A) Western blot analysis of protein lysates from CDPK1-aid-HA and CDPK5-aid-HA parasites treated with IAA or vehicle. CDPK1-aid-HA and CDPK5-aid-HA were detected using an anti-HA antibody. GFP was used as a loading control. CDPK1-aid-HA and CDPK5-aid-HA have predicted molecular weights of approximately 90 kDa. The arrowhead indicates a byproduct of partial degradation of CDPK5-aid-HA. B) Depletion of CDPK5-aid-HA protein in merosomes was examined using immunofluorescence. Optical sections of representative IAA- or vehicle-treated merosomes immunostained with an anti-HA antibody.
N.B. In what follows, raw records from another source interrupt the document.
(* For every $k\ge 1$, the bi-hypergraph obtained from $\mathcal H_{2k}$ by adding a new vertex $v$ and the edges $\{v,v_{1,j},v_{2k,j+1}\}$ for all $j\in[3]$ is minimal uncolorable.
   Context: A bi-hypergraph $\mathcal H=(V,E)$ consists of a finite vertex set $V$ and a set $E$ of subsets of $V$, called edges, with no edge contained in another. A mapping $f:V\to\mathbb N$ is a proper coloring of $\mathcal H$ if $1<|f(e)|<|e|$ for every $e\in E$, where $f(e)=\{f(v):v\in e\}$. $\mathcal H$ is colorable if it has a proper coloring, and uncolorable otherwise. A subhypergraph of $\mathcal H$ is a bi-hypergraph $(V',E')$ with $V'\subseteq V$, $E'\subseteq E$; $\mathcal H$ is minimal uncolorable if it is uncolorable but every proper subhypergraph of it is colorable. For $k\ge 2$, $\mathcal H_k$ is the $3$-uniform bi-hypergraph with vertex set $\{v_{i,j}: i\in[k], j\in[3]\}$ (all distinct), with the convention $v_{i,4}=v_{i,1}$, $v_{i,5}=v_{i,2}$, whose edges are the sets $\{v_{i,1},v_{i,2},v_{i,3}\}$ for all $i\in[k]$ and the sets $\{v_{q+1,j},v_{q,j},v_{q,j+t}\}$ for all $q\in[k-1]$, $j\in[3]$, $t\in\{1,2\}$. *)

From mathcomp Require Import all_boot.
Set Implicit Arguments. Unset Strict Implicit. Unset Printing Implicit Defensive.

Section BiHypergraph.
Variable T : finType.

Definition ncolors (f : T -> nat) (e : {set T}) : nat :=
  size (undup [seq f x | x <- enum e]).

Definition bihypergraph (Vs : {set T}) (Es : {set {set T}}) : Prop :=
  (forall e, e \in Es -> e \subset Vs) /\
  (forall e1 e2, e1 \in Es -> e2 \in Es -> e1 \subset e2 -> e1 = e2).

Definition proper_coloring (Es : {set {set T}}) (f : T -> nat) : Prop :=
  forall e, e \in Es -> 1 < ncolors f e < #|e|.

(* a coloring of (Vs,Es) is a map Vs -> nat; we use maps T -> nat, whose
   values outside Vs are irrelevant *)
Definition colorable (Vs : {set T}) (Es : {set {set T}}) : Prop :=
  exists f : T -> nat, proper_coloring Es f.

Definition minimal_uncolorable (Vs : {set T}) (Es : {set {set T}}) : Prop :=
  ~ colorable Vs Es /\
  forall (Vs' : {set T}) (Es' : {set {set T}}),
    bihypergraph Vs' Es' -> Vs' \subset Vs -> Es' \subset Es ->
    (Vs', Es') <> (Vs, Es) -> colorable Vs' Es'.

End BiHypergraph.

(* Vertex type for H_n plus an extra vertex v = None;
   Some (i, j) stands for v_{i+1, j+1} (0-based indices). *)
Definition HV (n : nat) : finType := option ('I_n * 'I_3)%type.

Definition Hedge (n : nat) (e : {set HV n}) : bool :=
  [exists i : 'I_n, e == [set (Some (i, j) : HV n) | j : 'I_3]]
  || [exists q : 'I_n, exists q1 : 'I_n, exists j : 'I_3, exists j' : 'I_3,
        [&& (q1 == q.+1 :> nat),
            (j' == (j + 1) %% 3 :> nat) || (j' == (j + 2) %% 3 :> nat) &
            e == [set (Some (q1, j) : HV n); Some (q, j); Some (q, j')]]].

Definition ext_edge (n : nat) (e : {set HV n}) : bool :=
  [exists f : 'I_n, exists l : 'I_n, exists j : 'I_3, exists j' : 'I_3,
     [&& (f == 0 :> nat), (l == n.-1 :> nat), (j' == (j + 1) %% 3 :> nat) &
         e == [set (None : HV n); Some (f, j); Some (l, j')]]].

Definition Hext_edges (n : nat) : {set {set HV n}} :=
  [set e | Hedge e || ext_edge e].
Lemma word_span_rothberger K (G : K -> topologicalType)
    (tg : forall k, topGroup (G k)) (a : forall k, G k) (F F' : set (set K)) :
  infinite_set [set: K] -> F' `<=` F ->
  (forall A, infinite_set A -> countable A -> card_le [set X `&` A | X in F] A) ->
  prod_rothberger_bounded tg (word_span tg a F').
Proof.
move=> Kinf F'F KH U U1.
have /choice [J JU] : forall n, exists J : set K, countable J /\
    forall f, (forall j, J j -> f j = prod_one tg j) -> U n f.
  by move=> n; have [Uo U1n] := U1 n; exact: open_countable_support.
have /infinite_injects [/seteqP [/(_ 0%N I) //]|[e [_ einj]]] := Kinf.
pose A := e @` [set: nat] `|` \bigcup_(n in [set: nat]) J n.
have Ac : countable A.
  apply: countable_setU; first exact/injects_card_le/injects_image.
  by apply: bigcup_countable => // n _; case: (JU n).
have Ainf : infinite_set A.
  apply/infinite_injects; right; exists e.
  by split => [n _|m n _ _ /einj]; [left; exists n|apply].
have /injects_card_le/(injects_fun 0%N) [c [_ cinj]] :=
  word_traces_countable F'F KH Ainf Ac.
have /choice [w wP] : forall n, exists l,
    (exists2 l', words F' l' & c (word_trace A l') = n) ->
    words F' l /\ c (word_trace A l) = n.
  move=> n; have [[l F'l cl]|nn] := pselect
    (exists2 l', words F' l' & c (word_trace A l') = n); last by exists [::].
  by exists l.
exists (fun n => word_val tg a (w n)) => _ [l F'l <-].
set n := c (word_trace A l); have [F'wn cwn] := wP n (ex_intro2 _ _ l F'l erefl).
have traces : word_trace A (w n) = word_trace A l.
  by apply: cinj => //.
exists n => //; exists (prod_mul tg (prod_inv tg (word_val tg a (w n))) (word_val tg a l)).
  have [_] := JU n; apply => j Jnj.
  rewrite /prod_mul /prod_inv /prod_one (word_val_agree _ _ traces); last first.
    by right; exists n.
  exact: tg_mulVg.
apply: functional_extensionality_dep => k.
by rewrite /prod_mul /prod_inv tg_mulA tg_mulgV tg_mul1g.
Qed.

Lemma finite_letters T (l : seq (T * bool)) :
  finite_set [set X | exists b, List.In (X, b) l].
Proof.
elim: l => [|[X b] l IH].
  by apply: sub_finite_set (finite_set0 T) => ? [].
apply: sub_finite_set (_ : _ `<=` [set X] `|` _) _; last first.
  by rewrite finite_setU; split; [exact: finite_set1|exact: IH].
by move=> Y [b' [[-> _]|Yl]]; [left|right; exists b'].
Qed.

Lemma image_words_support T Z (f : seq (T * bool) -> Z) (B : set T) (S : set Z) :
  S `<=` f @` words B -> exists2 L, L `<=` B &
    injects S (words L) /\ (infinite_set S -> injects L S).
Proof.
move=> SB.
have /choice [w wP] : forall s, exists l, S s -> words B l /\ f l = s.
  move=> s; have [/SB [l Bl fl]|nSs] := pselect (S s); last by exists [::].
  by exists l.
exists (\bigcup_(s in S) [set X | exists b, List.In (X, b) (w s)]).
  move=> X [s Ss [b Xb]]; have [/List.Forall_forall Bws _] := wP s Ss.
  by have [] := Bws _ Xb.
split.
  right; exists w; split => [s Ss|s s' Ss Ss' ws].
    by apply/List.Forall_forall => -[X b] Xb; split => //; exists s => //; exists b.
  by rewrite -(wP s Ss).2 -(wP s' Ss').2 ws.
move=> Sinf; apply: injects_bigcup => //; first exact: injects_refl.
by move=> s _; apply: finite_injects Sinf (finite_letters _).
Qed.

Lemma word_val1 K (G : K -> topologicalType) (tg : forall k, topGroup (G k))
    (a : forall k, G k) p : word_val tg a [:: p] = letter tg a p.
Proof.
by apply: functional_extensionality_dep => k; rewrite /= /prod_mul /prod_one tg_mulg1.
Qed.

Lemma letter_inj K (G : K -> topologicalType) (tg : forall k, topGroup (G k))
    (a : forall k, G k) :
  (forall k, a k <> tg_one (tg k)) -> injective (fun X => letter tg a (X, true)).
Proof.
move=> a1 X Y XY; apply/seteqP; split => k Xk; apply: contrapT => nk;
  have := congr1 (fun h => h k) XY; rewrite /letter /=.
  by rewrite (asboolT Xk) (asboolF nk); exact: a1.
by rewrite (asboolT Xk) (asboolF nk) => /esym; exact: a1.
Qed.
Parasite nuclei were visualized using DAPI. C) Effects of IAA treatment on Ostir1 pre-erythrocytic stages were examined by quantifying sporozoite invasion of HepG2 cells, the number of liver stages detected at 48 h p.i. and the number of merosomes released into the media at 66–70 h p.i., in the presence or absence of IAA. Results shown are average of 2–4 experiments with 3 technical replicates (± SEM), normalized to vehicle-treated samples for each assay. Data were analyzed using an unpaired t-test, not significant (n.s.) P value > 0.05.